Adverse criticism brought out the worst in James Barry. He began a feud with Reynolds that lasted the rest of their lives and even had a falling out with his chief patron Edmund Burke over retouch work Barry refused to do on a portrait of Burke (above, right). Burk turned his patronage to Reynolds, which infuriated Barry. From that point on, jealous as hell, Barry became something of the "bad boy" of British art, his reputation falling into decline and his likability following closely behind. His design plans to decorate the new St. Paul's Cathedral fell through when the Archbishop of Canterbury and Bishop of London couldn't agree on Burke's subject, the rejection of Christ by the Jews. Though embittered by the London academic establishment, of which he was technically a member, Barry joined a list of other prominent artists, including West and Reynolds, in a proposal to decorate the Great Room of the Society for the Encouragement of Arts, Manufactures, and Commerce (today the Royal Society of Arts). That too came to naught for lack of agreement among the artists as to subject matter.

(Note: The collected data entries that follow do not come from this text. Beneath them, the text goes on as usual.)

(* Let ${\tt D}=({\tt M},{\tt C},\equiv,\underline{\cdot})$ be a reflective distillery whose calculus is deterministic, and let $s$ be an initial state. For every derivation $d:\underline{s}\multimap^* t$ there is an execution $\rho: s\to^* s'$ such that $t\equiv\underline{s'}$, $|\rho|_{\mathtt m}=|d|_{\mathtt m}$, $|\rho|_{\mathtt e}=|d|_{\mathtt e}$ and $|\rho|_{\mathtt p}=|d|$.
   Context: A distillery ${\tt D}=({\tt M},{\tt C},\equiv,\underline{\cdot})$ consists of: (1) an abstract machine ${\tt M}$: a deterministic labelled transition system $\to$ on states, with initial states (in bijection with closed $\lambda$-terms; states reachable from initial ones are reachable) and a partition of transitions into commutative ($\to_{\mathtt c}$) and principal ones, the latter partitioned into multiplicative ($\to_{\mathtt m}$) and exponential ($\to_{\mathtt e}$); (2) a calculus ${\tt C}$ given by rewriting relations $\multimap_{\mathtt m},\multimap_{\mathtt e}$ on terms, $\multimap:=\multimap_{\mathtt m}\cup\multimap_{\mathtt e}$; (3) an equivalence $\equiv$ on terms that is a strong bisimulation: for $\mathtt x\in\{\mathtt m,\mathtt e\}$, $t\equiv u$ and $t\multimap_{\mathtt x}t'$ imply $u\multimap_{\mathtt x}u'$ for some $u'\equiv t'$; (4) a decoding $\underline{\cdot}$ from states to terms such that on reachable states: $s\to_{\mathtt c}s'$ implies $\underline{s}\equiv\underline{s'}$; $s\to_{\mathtt m}s'$ implies $\underline{s}\multimap_{\mathtt m}t\equiv\underline{s'}$ for some $t$; $s\to_{\mathtt e}s'$ implies $\underline{s}\multimap_{\mathtt e}t\equiv\underline{s'}$ for some $t$. Reflective: (Termination) $\to_{\mathtt c}$ terminates on reachable states; (Progress) if $s$ is reachable, no $\to_{\mathtt c}$ transition applies to $s$, and $\underline{s}\multimap_{\mathtt x}t$ with $\mathtt x\in\{\mathtt m,\mathtt e\}$, then $s\to_{\mathtt x}s'$ for some $s'$. The calculus is deterministic if every term $t$ admits at most one pair $(\mathtt x,u)$ with $t\multimap_{\mathtt x}u$. An execution is a sequence of transitions from an initial state; $|\rho|_{\mathtt m},|\rho|_{\mathtt e},|\rho|_{\mathtt p}$ count multiplicative, exponential and principal transitions of $\rho$; for a derivation $d$, $|d|$ is its length and $|d|_{\mathtt m},|d|_{\mathtt e}$ count its $\multimap_{\mathtt m}$ and $\multimap_{\mathtt e}$ steps. *)

From Stdlib Require Import List RelationClasses.
Import ListNotations.
Set Implicit Arguments.

Inductive lterm : Type :=
| LVar : nat -> lterm
| LAbs : lterm -> lterm
| LApp : lterm -> lterm -> lterm.

Fixpoint lclosed_at (n : nat) (t : lterm) : Prop :=
  match t with
  | LVar k => k < n
  | LAbs u => lclosed_at (S n) u
  | LApp u v => lclosed_at n u /\ lclosed_at n v
  end.

Definition closed_lterm := { t : lterm | lclosed_at 0 t }.

(* Kinds of machine transitions: commutative, multiplicative, exponential. *)
Inductive mlabel : Type := Lc | Lm | Le.
(* Kinds of calculus steps: multiplicative, exponential. *)
Inductive rkind : Type := Km | Ke.

Definition label_of_kind (x : rkind) : mlabel :=
  match x with Km => Lm | Ke => Le end.

Record Distillery : Type := {
  State : Type;
  step : State -> mlabel -> State -> Prop;
  step_det : forall s l1 s1 l2 s2, step s l1 s1 -> step s l2 s2 -> l1 = l2 /\ s1 = s2;
  initial : State -> Prop;
  load : closed_lterm -> State;
  load_inj : forall t u, load t = load u -> t = u;
  initial_load : forall s, initial s <-> exists t, load t = s;
  Term : Type;
  red : rkind -> Term -> Term -> Prop;
  equiv : Term -> Term -> Prop;
  equiv_Equivalence : Equivalence equiv;
  equiv_bisim : forall x t u t', equiv t u -> red x t t' ->
      exists u', red x u u' /\ equiv t' u';
  decode : State -> Term
}.

Inductive reachable (D : Distillery) : State D -> Prop :=
| reach_init : forall s, initial D s -> reachable D s
| reach_step : forall s l s', reachable D s -> step D s l s' -> reachable D s'.

Definition decoding_ok (D : Distillery) : Prop :=
  (forall s s', reachable D s -> step D s Lc s' -> equiv D (decode D s) (decode D s')) /\
  (forall x s s', reachable D s -> step D s (label_of_kind x) s' ->
      exists t, red D x (decode D s) t /\ equiv D t (decode D s')).

Definition is_distillery (D : Distillery) : Prop := decoding_ok D.

Definition reflective (D : Distillery) : Prop :=
  (forall s, reachable D s -> Acc (fun s2 s1 => step D s1 Lc s2) s) /\
  (forall s x t, reachable D s -> (forall s', ~ step D s Lc s') ->
      red D x (decode D s) t -> exists s', step D s (label_of_kind x) s').

Definition calculus_deterministic (D : Distillery) : Prop :=
  forall t x1 u1 x2 u2, red D x1 t u1 -> red D x2 t u2 -> x1 = x2 /\ u1 = u2.

Inductive derivation (D : Distillery) : Term D -> Term D -> list rkind -> Prop :=
| der_refl : forall t, derivation D t t []
| der_step : forall x t u v ks, red D x t u -> derivation D u v ks ->
    derivation D t v (x :: ks).

Inductive run (D : Distillery) : State D -> State D -> list mlabel -> Prop :=
| run_refl : forall s, run D s s []
| run_step : forall l s s1 s2 ls, step D s l s1 -> run D s1 s2 ls ->
    run D s s2 (l :: ls).

Definition execution (D : Distillery) (s s' : State D) (ls : list mlabel) : Prop :=
  initial D s /\ run D s s' ls.

Definition is_principal (l : mlabel) : bool :=
  match l with Lc => false | _ => true end.
Definition mlabel_eqb (a b : mlabel) : bool :=
  match a, b with Lc, Lc | Lm, Lm | Le, Le => true | _, _ => false end.
Definition rkind_eqb (a b : rkind) : bool :=
  match a, b with Km, Km | Ke, Ke => true | _, _ => false end.

Definition exec_m (ls : list mlabel) : nat := length (filter (mlabel_eqb Lm) ls).
Definition exec_e (ls : list mlabel) : nat := length (filter (mlabel_eqb Le) ls).
Definition exec_p (ls : list mlabel) : nat := length (filter is_principal ls).
Definition der_m (ks : list rkind) : nat := length (filter (rkind_eqb Km) ks).
Definition der_e (ks : list rkind) : nat := length (filter (rkind_eqb Ke) ks).

(* Before each calculus step the
   machine first exhausts its commutative transitions, which terminate and
   preserve the decoding up to ≡; the bisimulation ≡ transports the calculus
   step to the decoding of the resulting state, progress yields a principal
   transition of the same kind, and determinism of the calculus forces its
   decoding to be the reduct of that step.  So every calculus step costs
   exactly one principal transition of the same kind. *)
From Stdlib Require Import List Classical RelationClasses.
Import ListNotations.
Set Implicit Arguments.

#[local] Existing Instance equiv_Equivalence.

Definition counts_match (ls : list mlabel) (ks : list rkind) : Prop :=
  exec_m ls = der_m ks /\ exec_e ls = der_e ks /\ exec_p ls = length ks.

Lemma counts_match_nil : counts_match [] [].
Proof. repeat split. Qed.

Lemma counts_match_cons (n : nat) (x : rkind) ls ks :
  counts_match ls ks ->
  counts_match (repeat Lc n ++ label_of_kind x :: ls) (x :: ks).
Proof.
  unfold counts_match, exec_m, exec_e, exec_p, der_m, der_e.
  intros (Hm & He & Hp).
  induction n as [|n IH]; [|exact IH].
  destruct x; simpl; rewrite ?Hm, ?He, ?Hp; auto.
Qed.

Section Simulation.

Variable D : Distillery.
Hypothesis D_distillery : is_distillery D.
Hypothesis D_reflective : reflective D.
Hypothesis D_deterministic : calculus_deterministic D.

Definition c_normal (s : State D) : Prop := forall s', ~ step D s Lc s'.

Lemma run_reachable s s' ls : run D s s' ls -> reachable D s -> reachable D s'.
Proof.
  induction 1 as [|l s s1 s2 ls Hstep _ IH]; intros Hs; auto.
  exact (IH (reach_step _ _ Hs Hstep)).
Qed.

Lemma run_app s1 s2 s3 ls1 ls2 :
  run D s1 s2 ls1 -> run D s2 s3 ls2 -> run D s1 s3 (ls1 ++ ls2).
Proof. induction 1; intros; simpl; auto. econstructor; eauto. Qed.

Lemma commutative_normalize s : reachable D s ->
  exists s0 n, run D s s0 (repeat Lc n) /\ c_normal s0 /\
               equiv D (decode D s) (decode D s0).
Proof.
  intros Hs. destruct D_reflective as [Hterm _].
  induction (Hterm s Hs) as [s _ IH].
  destruct (classic (exists s1, step D s Lc s1)) as [[s1 Hs1]|Hnf].
  - destruct (IH s1 Hs1 (reach_step _ _ Hs Hs1)) as (s0 & n & Hrun & Hnf & Heq).
    exists s0, (S n); split; [econstructor; eauto|split; [exact Hnf|]].
    etransitivity; [exact (proj1 D_distillery s s1 Hs Hs1)|exact Heq].
  - exists s, 0; split; [constructor|split; [|reflexivity]].
    intros s' Hs'; apply Hnf; eauto.
Qed.

Lemma principal_step_simulation {x u u' s} :
  reachable D s -> equiv D u (decode D s) -> red D x u u' ->
  exists s1 n, run D s s1 (repeat Lc n ++ [label_of_kind x]) /\
               reachable D s1 /\ equiv D u' (decode D s1).
Proof.
  intros Hs Hu Hred.
  destruct (commutative_normalize Hs) as (s0 & n & Hrun & Hnf & Heq0).
  assert (Hs0 : reachable D s0) by exact (run_reachable Hrun Hs).
  destruct (equiv_bisim D x u (decode D s0) u') as (w & Hw & Huw);
    [etransitivity; eauto|exact Hred|].
  destruct (proj2 D_reflective s0 x w Hs0 Hnf Hw) as [s1 Hs1].
  destruct (proj2 D_distillery x s0 s1 Hs0 Hs1) as (w' & Hw' & Hw's1).
  destruct (D_deterministic _ _ _ _ _ Hw Hw') as [_ <-].
  exists s1, n; split; [|split].
  - apply (run_app Hrun). econstructor; [exact Hs1|constructor].
  - exact (reach_step _ _ Hs0 Hs1).
  - etransitivity; eauto.
Qed.

Lemma derivation_simulation u t ks : derivation D u t ks ->
  forall s, reachable D s -> equiv D u (decode D s) ->
  exists s' ls, run D s s' ls /\ equiv D t (decode D s') /\ counts_match ls ks.
Proof.
  induction 1 as [t|x u u' t ks Hred _ IH]; intros s Hs Hu.
  - exists s, []; split; [constructor|split; [exact Hu|exact counts_match_nil]].
  - destruct (principal_step_simulation Hs Hu Hred) as (s1 & n & Hrun & Hs1 & Hu').
    destruct (IH s1 Hs1 Hu') as (s' & ls & Hrun' & Ht & Hcount).
    exists s', (repeat Lc n ++ label_of_kind x :: ls); split; [|split; [exact Ht|]].
    + replace (repeat Lc n ++ label_of_kind x :: ls)
        with ((repeat Lc n ++ [label_of_kind x]) ++ ls)
        by (rewrite <- app_assoc; reflexivity).
      exact (run_app Hrun Hrun').
    + exact (counts_match_cons n x Hcount).
Qed.

End Simulation.

Theorem mainTheorem5 :
  forall D : Distillery,
    is_distillery D -> reflective D -> calculus_deterministic D ->
    forall (s : State D), initial D s ->
    forall (t : Term D) (ks : list rkind), derivation D (decode D s) t ks ->
    exists (s' : State D) (ls : list mlabel),
      execution D s s' ls /\
      equiv D t (decode D s') /\
      exec_m ls = der_m ks /\
      exec_e ls = der_e ks /\
      exec_p ls = length ks.
Proof.
  intros D Hd Hr Hdet s Hs t ks Hder.
  destruct (derivation_simulation Hd Hr Hdet Hder (reach_init D _ Hs) (reflexivity _))
    as (s' & ls & Hrun & Ht & Hcount).
  exists s', ls; split; [split; assumption|split; [exact Ht|exact Hcount]].
Qed.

The progress of human knowledge and Culture, 1777-81, James Barry
This time, however, Barry saw an opportunity for his own benefit, offering to do the entire room on his own in return for the cost of paint, canvas, and models. The one stipulation he insisted upon was a free choice as to the subjects of the six paintings needed to cover the bare walls. The British, always on the lookout for a good deal, accepted his offer. Later, his work meeting with general approval by all, Barry was paid a pittance for his efforts. The painting, Commerce, or the triumph of the Thames (top), was the fourth of the six. It's companion piece, The progress of human knowledge and Culture (above) was touted by the English critic, Andrew Graham-Dixon, as "Britain's late, great answer to the Sistine Chapel." Michelangelo would have gone ballistic.

The Birth of Pandora, 1791-1804, James Barry, his last painting.
Despite the relative success of his "Great Room" paintings, Barry was no more appreciated as an artist than before, and as a result, his temperament likewise failed to improve. In fact, it grew worse as he took to writing in the "art press" of his day criticizing and berating the Royal Academy, of which he'd been a member since 1771. As a result, Barry became the first and only member (until modern times) to formally be expelled from the group. The expulsion cost him is thirty-pound per year salary, though his few remaining friends managed to pull together a thousand-pound annuity to see to his financial needs along with a house in with to live and paint. Ironically, James Barry died in 1806 while working on a painting he titled The Birth of Pandora. Maybe her box should have remained closed.

Kinderzene, a painting so out of character for Barry both in style and content as to lead one to question its attribution. But then again, some art historians believe James Barry may have, in fact, been a woman, secretly living her entire life as a man.